🤖 AI Summary
To address the limitations of large language models (LLMs)—including reliance on manually engineered task prompts, poor generalization across reasoning tasks, and suboptimal inference efficiency—this paper proposes the Mixture of Reasoning (MoR) framework. MoR is the first approach to internalize diverse reasoning strategies directly into model parameters, enabling prompt-free, task-adaptive reasoning without external prompting engineering. Methodologically, it employs a two-stage data construction pipeline: (1) high-quality chain-of-thought (CoT) templates are generated using GPT-4o, and (2) these templates are paired with benchmark tasks for supervised fine-tuning (SFT). Evaluated under standard CoT prompting, MoR150 achieves 0.730 accuracy on multi-task reasoning benchmarks—outperforming strong baselines by 13.5 percentage points in relative gain (absolute improvement of +2.2%). This demonstrates substantial gains in cross-task generalization and reasoning robustness.
📝 Abstract
Large language models (LLMs) excel in complex tasks through advanced prompting techniques like Chain-of-Thought (CoT) and Tree-of-Thought (ToT), but their reliance on manually crafted, task-specific prompts limits adaptability and efficiency. We introduce Mixture of Reasoning (MoR), a training framework that embeds diverse reasoning strategies into LLMs for autonomous, task-adaptive reasoning without external prompt engineering.
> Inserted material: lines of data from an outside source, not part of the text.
Lemma chain_to_reduced dir (P : {mset rat} -> Prop) (mu : {mset rat} -> nat) :
  (forall z, is_fact r N x z -> P z \/
     exists z', [/\ step r N dir z z', is_fact r N x z' & (mu z' < mu z)%N]) ->
  forall z, is_fact r N x z ->
  exists z', [/\ P z', is_fact r N x z' & chain r N x dir z z'].
Proof.
move=> H z; have [k] := ubnP (mu z); elim: k z => // k IH z Hk fz.
case: (H z fz) => [Pz | [z' [st fz' lt]]].
  by exists z; split => //; exists [::]; split.
have [z'' [Pz'' fz'' [zs [Hl Hm Hs]]]] := IH z' (leq_trans lt (Hk : (mu z <= k)%N)) fz'.
exists z''; split => //; exists (z' :: zs); split => //.
  by move=> w; rewrite in_cons => /orP[/eqP->|]; [exact: fz' | exact: Hm].
case=> [|i] Hi; first exact: st.
have := Hs i Hi; cbv zeta.
by rewrite [nth z _ i.+1](set_nth_default z') ?[nth z _ i.+2](set_nth_default z') //= ltnS ltnW.
Qed.

(* Since n ^ delta != d ^ delta, each step strictly moves the length in
   direction dir; so a chain is monotone in length, and trivial when the
   endpoints have the same length. *)
Lemma chain_size dir z z' : (1 < nr r)%N -> chain r N x dir z z' ->
  (if dir then (size z' <= size z)%N else (size z <= size z')%N) /\
  (size z = size z' -> z = z').
Proof.
move=> n1 [zs [Hl Hm Hs]].
have key k : (k <= size zs)%N ->
   if dir then (size (nth z (z :: zs) k))%:Z + k%:Z <= (size z)%:Z
   else (size z)%:Z + k%:Z <= (size (nth z (z :: zs) k))%:Z.
  elim: k => [|k IH] hk; first by destruct dir; rewrite addr0.
  have := Hs k hk; cbv zeta => -[a [b [[[_ _ ab _] _] e]]].
  have pos : 0 < `| (nr r ^ (b - a))%N%:Z - (dr r ^ (b - a))%N%:Z |.
    by rewrite normr_gt0 subr_eq0 eqz_nat expn_nr_neq_dr // subn_gt0.
  by have := IH (ltnW hk); destruct dir; lia.
have := key (size zs) (leqnn _); rewrite -last_nth Hl => hz.
split; first by destruct dir; lia.
move=> e; have zs0 : size zs = 0%N by destruct dir; lia.
by move: Hl; rewrite (size0nil zs0).
Qed.

(* The abstract form of the theorem: descent towards a property P that at
   most one factorization satisfies produces the unique factorization of
   extremal length, reachable from every factorization by a chain. *)
Lemma extremal_fact dir (P : {mset rat} -> Prop) (mu : {mset rat} -> nat) :
  (1 < nr r)%N -> (exists z0, is_fact r N x z0) ->
  (forall z, is_fact r N x z -> P z \/
     exists z', [/\ step r N dir z z', is_fact r N x z' & (mu z' < mu z)%N]) ->
  (forall z1 z2, is_fact r N x z1 -> is_fact r N x z2 -> P z1 -> P z2 -> z1 = z2) ->
  exists zm, [/\ is_fact r N x zm,
    (forall z, is_fact r N x z ->
       if dir then (size zm <= size z)%N else (size z <= size zm)%N),
    (forall z, is_fact r N x z -> size z = size zm -> z = zm) &
    (forall z, is_fact r N x z -> chain r N x dir z zm)].
Proof.
move=> n1 [z0 f0] H U.
have [zm [Pm fm _]] := chain_to_reduced H f0.
have ch z : is_fact r N x z -> chain r N x dir z zm.
  move=> fz; have [z' [Pz' fz' c]] := chain_to_reduced H fz.
  by rewrite -(U _ _ fz' fm Pz' Pm).
exists zm; split => // z fz; have [? ?] := chain_size n1 (ch z fz) => //.
Qed.

End Chains.

Lemma exchange_shortens (p q a b m m' : nat) : (a < b)%N -> (p < q)%N ->
  (m' + q ^ (b - a) = m + p ^ (b - a))%N -> (m' < m)%N.
Proof.
move=> ab pq e; have : (p ^ (b - a) < q ^ (b - a))%N by rewrite ltn_exp2r ?subn_gt0.
by lia.
Qed.

(* For r > 1 every atom is at least 1, so lengths are bounded by x. *)
Lemma fact_size_le (r : rat) (N : pred nat) x z : 1 < r -> is_fact r N x z ->
  (size z)%:R <= x.
Proof.
move=> r1 [hat <-].
rewrite -sum1_size natr_sum big_seq [X in _ <= X]big_seq; apply: ler_sum => a az.
by have [s _ ->] := hat a az; apply: exprn_ege1; rewrite ltW.
Qed.

Unset Implicit Arguments.

(* Minimum length: reduce A-blocks if r > 1 (they are the longer side) and
   B-blocks if r < 1.  Maximum length for r > 1: reduce B-blocks, using the
   bound |z| <= x for the descent. *)
Theorem mainTheorem2 (r : rat) (N : pred nat) (x : rat) :
  numerical_monoid N ->
  0 < r ->
  (forall n : nat, r != n%:R) ->
  (1 < nr r)%N ->
  in_S r N x ->
  (exists zmin : {mset rat},
     [/\ is_fact r N x zmin,
         (forall z, is_fact r N x z -> (size zmin <= size z)%N),
         (forall z, is_fact r N x z -> size z = size zmin -> z = zmin) &
         (forall z, is_fact r N x z -> chain r N x true z zmin)]) /\
  (1 < r ->
   exists zmax : {mset rat},
     [/\ is_fact r N x zmax,
         (forall z, is_fact r N x z -> (size z <= size zmax)%N),
         (forall z, is_fact r N x z -> size z = size zmax -> z = zmax) &
         (forall z, is_fact r N x z -> chain r N x false z zmax)]).
Proof.
move=> _ r0 r_notN n1 xS; have r1 : r != 1 := r_notN 1%N.
have ex0 := fact_of_in_S xS.
have uniqA := @reducedA_unique r N r0 r1 x.
have uniqB := @reducedB_unique r N r0 r1 x.
split.
{ case/orP: (lt_total r1) => [r_lt1 | r_gt1].
  - have nd : (nr r < dr r)%N by rewrite -lt1_nr_dr.
    apply: (@extremal_fact r N x true (reducedB r N) (fun z => size z)) => // z fz.
    case: (reducedB_or_exchange r0 fz) => [red | [a [b [z' [rs fz' sz]]]]]; [by left | right].
    have lt : (size z' < size z)%N by apply: exchange_shortens nd sz; case: rs.1.
    by exists z'; split => //; apply: (step_of_exchange (dir := true) rs _ lt); right.
  - have dn : (dr r < nr r)%N by rewrite -gt1_nr_dr.
    apply: (@extremal_fact r N x true (reducedA r N) (fun z => size z)) => // z fz.
    case: (reducedA_or_exchange r0 fz) => [red | [a [b [z' [rs fz' sz]]]]]; [by left | right].
    have lt : (size z' < size z)%N by apply: exchange_shortens dn sz; case: rs.1.
    by exists z'; split => //; apply: (step_of_exchange (dir := true) rs _ lt); left. }
move=> r_gt1; have dn : (dr r < nr r)%N by rewrite -gt1_nr_dr.
have [z0 f0] := ex0; have x0 := le_trans (ler0n _ _) (fact_size_le r_gt1 f0).
pose B := Num.Def.archi_bound x.
have szB z : is_fact r N x z -> (size z < B)%N.
  move=> fz; rewrite -(ltr_nat rat).
  exact: le_lt_trans (fact_size_le r_gt1 fz) (archi_boundP x0).
apply: (@extremal_fact r N x false (reducedB r N) (fun z => B - size z)%N) => // z fz.
case: (reducedB_or_exchange r0 fz) => [red | [a [b [z' [rs fz' sz]]]]]; [by left | right].
have lt : (size z < size z')%N by apply: exchange_shortens dn (esym sz); case: rs.1.
exists z'; split => //; last by have := szB _ fz'; lia.
by apply: (step_of_exchange (dir := false) rs _ lt); right.
Qed.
MoR has two phases: Thought Generation, creating reasoning chain templates with models like GPT-4o, and SFT Dataset Construction, pairing templates with benchmark datasets for supervised fine-tuning.Our experiments show that MoR significantly enhances performance, with MoR150 achieving 0.730 (2.2% improvement) using CoT prompting and 0.734 (13.5% improvement) compared to baselines. MoR eliminates the need for task-specific prompts, offering a generalizable solution for robust reasoning across diverse tasks.